Data for analysis START
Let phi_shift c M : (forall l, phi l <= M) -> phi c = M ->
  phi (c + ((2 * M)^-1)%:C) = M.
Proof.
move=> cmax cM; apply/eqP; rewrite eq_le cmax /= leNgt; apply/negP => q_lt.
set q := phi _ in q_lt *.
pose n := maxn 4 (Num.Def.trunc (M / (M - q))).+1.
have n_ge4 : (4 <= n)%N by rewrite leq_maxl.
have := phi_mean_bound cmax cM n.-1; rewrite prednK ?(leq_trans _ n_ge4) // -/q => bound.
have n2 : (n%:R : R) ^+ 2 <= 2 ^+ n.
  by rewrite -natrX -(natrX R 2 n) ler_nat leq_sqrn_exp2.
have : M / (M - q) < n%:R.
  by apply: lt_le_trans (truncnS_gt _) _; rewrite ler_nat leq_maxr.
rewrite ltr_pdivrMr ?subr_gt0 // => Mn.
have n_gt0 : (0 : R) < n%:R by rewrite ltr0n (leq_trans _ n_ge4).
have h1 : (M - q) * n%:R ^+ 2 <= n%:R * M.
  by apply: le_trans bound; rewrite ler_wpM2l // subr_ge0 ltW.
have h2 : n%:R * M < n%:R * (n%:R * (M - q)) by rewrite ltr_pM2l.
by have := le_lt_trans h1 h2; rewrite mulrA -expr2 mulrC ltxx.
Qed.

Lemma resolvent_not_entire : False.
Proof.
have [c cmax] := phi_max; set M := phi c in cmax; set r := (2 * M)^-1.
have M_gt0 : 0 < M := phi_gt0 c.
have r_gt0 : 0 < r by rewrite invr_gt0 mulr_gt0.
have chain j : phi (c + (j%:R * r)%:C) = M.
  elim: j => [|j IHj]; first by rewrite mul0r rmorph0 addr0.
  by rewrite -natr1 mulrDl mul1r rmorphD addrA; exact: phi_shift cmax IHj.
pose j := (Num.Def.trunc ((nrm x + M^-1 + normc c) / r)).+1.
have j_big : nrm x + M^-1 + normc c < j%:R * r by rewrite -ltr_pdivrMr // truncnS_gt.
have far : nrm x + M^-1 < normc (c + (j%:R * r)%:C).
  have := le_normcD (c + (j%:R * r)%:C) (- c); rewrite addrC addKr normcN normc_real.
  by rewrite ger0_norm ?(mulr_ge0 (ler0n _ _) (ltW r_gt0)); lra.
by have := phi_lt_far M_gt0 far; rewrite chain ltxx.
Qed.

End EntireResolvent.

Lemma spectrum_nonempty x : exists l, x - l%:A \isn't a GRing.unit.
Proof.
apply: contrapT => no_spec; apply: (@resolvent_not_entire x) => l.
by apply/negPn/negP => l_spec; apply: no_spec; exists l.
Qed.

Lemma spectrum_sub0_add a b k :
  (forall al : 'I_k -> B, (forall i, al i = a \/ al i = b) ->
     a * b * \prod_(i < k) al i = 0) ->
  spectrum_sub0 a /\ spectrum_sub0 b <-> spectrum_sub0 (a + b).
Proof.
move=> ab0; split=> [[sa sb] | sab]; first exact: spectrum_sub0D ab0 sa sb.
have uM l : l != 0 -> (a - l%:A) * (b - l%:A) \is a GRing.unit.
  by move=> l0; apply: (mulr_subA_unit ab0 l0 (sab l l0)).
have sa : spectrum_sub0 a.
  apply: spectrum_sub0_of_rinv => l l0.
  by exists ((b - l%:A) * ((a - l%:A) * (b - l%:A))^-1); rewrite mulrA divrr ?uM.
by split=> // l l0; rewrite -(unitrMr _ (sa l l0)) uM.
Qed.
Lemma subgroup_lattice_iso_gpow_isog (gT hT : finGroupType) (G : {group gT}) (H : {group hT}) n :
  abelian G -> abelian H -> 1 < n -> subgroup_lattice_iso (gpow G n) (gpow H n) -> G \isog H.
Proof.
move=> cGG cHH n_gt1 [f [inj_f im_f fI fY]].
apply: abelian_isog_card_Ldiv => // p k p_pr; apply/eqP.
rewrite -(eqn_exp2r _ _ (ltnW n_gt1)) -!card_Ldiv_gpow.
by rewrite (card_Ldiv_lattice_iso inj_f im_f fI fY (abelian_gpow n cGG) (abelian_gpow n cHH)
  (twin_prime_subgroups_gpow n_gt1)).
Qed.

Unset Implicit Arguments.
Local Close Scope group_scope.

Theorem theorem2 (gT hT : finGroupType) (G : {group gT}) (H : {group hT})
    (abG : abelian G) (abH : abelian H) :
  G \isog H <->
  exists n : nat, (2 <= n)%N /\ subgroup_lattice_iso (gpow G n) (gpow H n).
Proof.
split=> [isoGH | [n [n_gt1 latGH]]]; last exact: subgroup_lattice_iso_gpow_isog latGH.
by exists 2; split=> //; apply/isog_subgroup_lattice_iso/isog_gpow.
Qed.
Data for analysis END
* Prompt: Restate word for word the entries above, starting at the line with "abelian G ->" and ending at the line with "Theorem theorem2 (gT", inclusive, and no others.

* Exercise output:
  abelian G -> abelian H -> 1 < n -> subgroup_lattice_iso (gpow G n) (gpow H n) -> G \isog H.
Proof.
move=> cGG cHH n_gt1 [f [inj_f im_f fI fY]].
apply: abelian_isog_card_Ldiv => // p k p_pr; apply/eqP.
rewrite -(eqn_exp2r _ _ (ltnW n_gt1)) -!card_Ldiv_gpow.
by rewrite (card_Ldiv_lattice_iso inj_f im_f fI fY (abelian_gpow n cGG) (abelian_gpow n cHH)
  (twin_prime_subgroups_gpow n_gt1)).
Qed.

Unset Implicit Arguments.
Local Close Scope group_scope.

Theorem theorem2 (gT hT : finGroupType) (G : {group gT}) (H : {group hT})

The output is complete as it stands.